TASK PROMPT: Each record that follows is to be output in full, precisely as written.

DATA EXCERPTS:
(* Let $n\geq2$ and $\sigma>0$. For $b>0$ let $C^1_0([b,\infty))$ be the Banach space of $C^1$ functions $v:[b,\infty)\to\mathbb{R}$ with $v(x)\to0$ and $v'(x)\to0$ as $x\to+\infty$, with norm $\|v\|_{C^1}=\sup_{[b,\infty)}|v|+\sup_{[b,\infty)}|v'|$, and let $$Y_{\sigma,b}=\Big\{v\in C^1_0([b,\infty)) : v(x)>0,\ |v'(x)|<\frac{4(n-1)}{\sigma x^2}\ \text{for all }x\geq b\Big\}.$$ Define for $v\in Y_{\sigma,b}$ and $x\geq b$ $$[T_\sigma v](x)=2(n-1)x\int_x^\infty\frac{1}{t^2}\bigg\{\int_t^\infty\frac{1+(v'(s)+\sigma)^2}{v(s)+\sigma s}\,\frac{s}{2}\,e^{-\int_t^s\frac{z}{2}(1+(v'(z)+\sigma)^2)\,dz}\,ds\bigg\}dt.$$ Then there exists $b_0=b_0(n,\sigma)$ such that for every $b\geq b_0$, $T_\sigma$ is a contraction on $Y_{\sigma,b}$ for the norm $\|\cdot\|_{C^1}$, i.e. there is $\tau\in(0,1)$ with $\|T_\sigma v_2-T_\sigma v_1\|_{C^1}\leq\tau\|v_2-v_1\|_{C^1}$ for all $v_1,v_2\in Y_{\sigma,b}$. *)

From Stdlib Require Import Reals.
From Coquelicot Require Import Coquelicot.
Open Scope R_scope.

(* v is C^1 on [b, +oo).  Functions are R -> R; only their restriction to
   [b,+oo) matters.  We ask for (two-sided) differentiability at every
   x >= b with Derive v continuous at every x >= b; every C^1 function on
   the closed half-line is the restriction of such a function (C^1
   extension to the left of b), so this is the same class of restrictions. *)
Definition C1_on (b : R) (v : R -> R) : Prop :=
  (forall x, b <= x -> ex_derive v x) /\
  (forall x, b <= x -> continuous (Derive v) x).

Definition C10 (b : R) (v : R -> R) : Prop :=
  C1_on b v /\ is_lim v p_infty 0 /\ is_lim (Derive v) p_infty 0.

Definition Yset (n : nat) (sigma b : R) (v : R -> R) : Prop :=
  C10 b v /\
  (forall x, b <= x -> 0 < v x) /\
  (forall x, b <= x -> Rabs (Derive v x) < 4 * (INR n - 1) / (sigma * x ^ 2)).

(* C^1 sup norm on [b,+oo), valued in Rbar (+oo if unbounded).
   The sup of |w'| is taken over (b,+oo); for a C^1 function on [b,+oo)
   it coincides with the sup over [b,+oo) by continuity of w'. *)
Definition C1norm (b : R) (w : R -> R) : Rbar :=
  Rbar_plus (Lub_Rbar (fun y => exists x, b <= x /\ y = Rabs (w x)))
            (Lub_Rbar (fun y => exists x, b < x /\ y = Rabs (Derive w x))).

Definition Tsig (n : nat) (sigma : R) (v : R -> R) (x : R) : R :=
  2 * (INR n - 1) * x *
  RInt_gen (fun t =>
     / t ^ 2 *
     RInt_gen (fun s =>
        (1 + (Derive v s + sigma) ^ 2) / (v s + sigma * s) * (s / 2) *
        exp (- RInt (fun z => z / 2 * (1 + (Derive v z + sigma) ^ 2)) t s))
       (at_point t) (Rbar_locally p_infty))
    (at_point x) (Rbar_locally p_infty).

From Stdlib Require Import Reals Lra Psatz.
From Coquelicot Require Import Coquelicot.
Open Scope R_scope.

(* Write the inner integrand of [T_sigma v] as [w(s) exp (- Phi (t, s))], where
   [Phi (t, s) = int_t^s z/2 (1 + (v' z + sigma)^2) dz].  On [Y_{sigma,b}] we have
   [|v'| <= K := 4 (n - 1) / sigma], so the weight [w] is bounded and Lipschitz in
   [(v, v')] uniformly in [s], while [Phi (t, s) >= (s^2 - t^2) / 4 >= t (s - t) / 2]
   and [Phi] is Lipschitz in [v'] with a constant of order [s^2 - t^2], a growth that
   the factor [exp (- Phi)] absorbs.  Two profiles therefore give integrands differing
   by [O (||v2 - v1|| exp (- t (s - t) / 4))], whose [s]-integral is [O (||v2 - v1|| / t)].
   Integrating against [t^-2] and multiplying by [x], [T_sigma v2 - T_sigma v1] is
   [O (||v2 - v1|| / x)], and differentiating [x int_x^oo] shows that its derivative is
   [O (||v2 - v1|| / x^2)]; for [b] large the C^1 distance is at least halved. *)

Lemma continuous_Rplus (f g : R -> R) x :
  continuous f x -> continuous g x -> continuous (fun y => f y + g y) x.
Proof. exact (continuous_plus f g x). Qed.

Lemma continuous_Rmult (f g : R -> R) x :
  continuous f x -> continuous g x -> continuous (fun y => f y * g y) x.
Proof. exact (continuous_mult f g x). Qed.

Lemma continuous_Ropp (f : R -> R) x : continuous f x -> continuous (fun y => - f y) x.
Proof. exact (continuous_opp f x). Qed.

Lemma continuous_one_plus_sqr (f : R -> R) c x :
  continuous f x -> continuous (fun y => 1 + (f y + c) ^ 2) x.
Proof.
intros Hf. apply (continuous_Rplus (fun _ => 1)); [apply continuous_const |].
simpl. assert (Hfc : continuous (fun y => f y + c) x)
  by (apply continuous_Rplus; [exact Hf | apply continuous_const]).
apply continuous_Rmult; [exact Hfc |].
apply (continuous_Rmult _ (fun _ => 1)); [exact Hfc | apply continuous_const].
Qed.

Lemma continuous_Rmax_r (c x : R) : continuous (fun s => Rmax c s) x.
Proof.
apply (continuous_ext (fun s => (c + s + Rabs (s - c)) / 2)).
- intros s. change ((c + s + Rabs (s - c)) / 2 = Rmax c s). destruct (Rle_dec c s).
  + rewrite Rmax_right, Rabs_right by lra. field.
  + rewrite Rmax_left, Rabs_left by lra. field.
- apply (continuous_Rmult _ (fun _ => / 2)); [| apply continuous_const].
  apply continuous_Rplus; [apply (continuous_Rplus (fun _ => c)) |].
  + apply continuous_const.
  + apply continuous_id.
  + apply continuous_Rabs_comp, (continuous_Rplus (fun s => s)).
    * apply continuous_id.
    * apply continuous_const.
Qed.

EXERCISE RESULT:
(* Let $n\geq2$ and $\sigma>0$. For $b>0$ let $C^1_0([b,\infty))$ be the Banach space of $C^1$ functions $v:[b,\infty)\to\mathbb{R}$ with $v(x)\to0$ and $v'(x)\to0$ as $x\to+\infty$, with norm $\|v\|_{C^1}=\sup_{[b,\infty)}|v|+\sup_{[b,\infty)}|v'|$, and let $$Y_{\sigma,b}=\Big\{v\in C^1_0([b,\infty)) : v(x)>0,\ |v'(x)|<\frac{4(n-1)}{\sigma x^2}\ \text{for all }x\geq b\Big\}.$$ Define for $v\in Y_{\sigma,b}$ and $x\geq b$ $$[T_\sigma v](x)=2(n-1)x\int_x^\infty\frac{1}{t^2}\bigg\{\int_t^\infty\frac{1+(v'(s)+\sigma)^2}{v(s)+\sigma s}\,\frac{s}{2}\,e^{-\int_t^s\frac{z}{2}(1+(v'(z)+\sigma)^2)\,dz}\,ds\bigg\}dt.$$ Then there exists $b_0=b_0(n,\sigma)$ such that for every $b\geq b_0$, $T_\sigma$ is a contraction on $Y_{\sigma,b}$ for the norm $\|\cdot\|_{C^1}$, i.e. there is $\tau\in(0,1)$ with $\|T_\sigma v_2-T_\sigma v_1\|_{C^1}\leq\tau\|v_2-v_1\|_{C^1}$ for all $v_1,v_2\in Y_{\sigma,b}$. *)

From Stdlib Require Import Reals.
From Coquelicot Require Import Coquelicot.
Open Scope R_scope.

(* v is C^1 on [b, +oo).  Functions are R -> R; only their restriction to
   [b,+oo) matters.  We ask for (two-sided) differentiability at every
   x >= b with Derive v continuous at every x >= b; every C^1 function on
   the closed half-line is the restriction of such a function (C^1
   extension to the left of b), so this is the same class of restrictions. *)
Definition C1_on (b : R) (v : R -> R) : Prop :=
  (forall x, b <= x -> ex_derive v x) /\
  (forall x, b <= x -> continuous (Derive v) x).

Definition C10 (b : R) (v : R -> R) : Prop :=
  C1_on b v /\ is_lim v p_infty 0 /\ is_lim (Derive v) p_infty 0.

Definition Yset (n : nat) (sigma b : R) (v : R -> R) : Prop :=
  C10 b v /\
  (forall x, b <= x -> 0 < v x) /\
  (forall x, b <= x -> Rabs (Derive v x) < 4 * (INR n - 1) / (sigma * x ^ 2)).

(* C^1 sup norm on [b,+oo), valued in Rbar (+oo if unbounded).
   The sup of |w'| is taken over (b,+oo); for a C^1 function on [b,+oo)
   it coincides with the sup over [b,+oo) by continuity of w'. *)
Definition C1norm (b : R) (w : R -> R) : Rbar :=
  Rbar_plus (Lub_Rbar (fun y => exists x, b <= x /\ y = Rabs (w x)))
            (Lub_Rbar (fun y => exists x, b < x /\ y = Rabs (Derive w x))).

Definition Tsig (n : nat) (sigma : R) (v : R -> R) (x : R) : R :=
  2 * (INR n - 1) * x *
  RInt_gen (fun t =>
     / t ^ 2 *
     RInt_gen (fun s =>
        (1 + (Derive v s + sigma) ^ 2) / (v s + sigma * s) * (s / 2) *
        exp (- RInt (fun z => z / 2 * (1 + (Derive v z + sigma) ^ 2)) t s))
       (at_point t) (Rbar_locally p_infty))
    (at_point x) (Rbar_locally p_infty).

From Stdlib Require Import Reals Lra Psatz.
From Coquelicot Require Import Coquelicot.
Open Scope R_scope.

(* Write the inner integrand of [T_sigma v] as [w(s) exp (- Phi (t, s))], where
   [Phi (t, s) = int_t^s z/2 (1 + (v' z + sigma)^2) dz].  On [Y_{sigma,b}] we have
   [|v'| <= K := 4 (n - 1) / sigma], so the weight [w] is bounded and Lipschitz in
   [(v, v')] uniformly in [s], while [Phi (t, s) >= (s^2 - t^2) / 4 >= t (s - t) / 2]
   and [Phi] is Lipschitz in [v'] with a constant of order [s^2 - t^2], a growth that
   the factor [exp (- Phi)] absorbs.  Two profiles therefore give integrands differing
   by [O (||v2 - v1|| exp (- t (s - t) / 4))], whose [s]-integral is [O (||v2 - v1|| / t)].
   Integrating against [t^-2] and multiplying by [x], [T_sigma v2 - T_sigma v1] is
   [O (||v2 - v1|| / x)], and differentiating [x int_x^oo] shows that its derivative is
   [O (||v2 - v1|| / x^2)]; for [b] large the C^1 distance is at least halved. *)

Lemma continuous_Rplus (f g : R -> R) x :
  continuous f x -> continuous g x -> continuous (fun y => f y + g y) x.
Proof. exact (continuous_plus f g x). Qed.

Lemma continuous_Rmult (f g : R -> R) x :
  continuous f x -> continuous g x -> continuous (fun y => f y * g y) x.
Proof. exact (continuous_mult f g x). Qed.

Lemma continuous_Ropp (f : R -> R) x : continuous f x -> continuous (fun y => - f y) x.
Proof. exact (continuous_opp f x). Qed.

Lemma continuous_one_plus_sqr (f : R -> R) c x :
  continuous f x -> continuous (fun y => 1 + (f y + c) ^ 2) x.
Proof.
intros Hf. apply (continuous_Rplus (fun _ => 1)); [apply continuous_const |].
simpl. assert (Hfc : continuous (fun y => f y + c) x)
  by (apply continuous_Rplus; [exact Hf | apply continuous_const]).
apply continuous_Rmult; [exact Hfc |].
apply (continuous_Rmult _ (fun _ => 1)); [exact Hfc | apply continuous_const].
Qed.

Lemma continuous_Rmax_r (c x : R) : continuous (fun s => Rmax c s) x.
Proof.
apply (continuous_ext (fun s => (c + s + Rabs (s - c)) / 2)).
- intros s. change ((c + s + Rabs (s - c)) / 2 = Rmax c s). destruct (Rle_dec c s).
  + rewrite Rmax_right, Rabs_right by lra. field.
  + rewrite Rmax_left, Rabs_left by lra. field.
- apply (continuous_Rmult _ (fun _ => / 2)); [| apply continuous_const].
  apply continuous_Rplus; [apply (continuous_Rplus (fun _ => c)) |].
  + apply continuous_const.
  + apply continuous_id.
  + apply continuous_Rabs_comp, (continuous_Rplus (fun s => s)).
    * apply continuous_id.
    * apply continuous_const.
Qed.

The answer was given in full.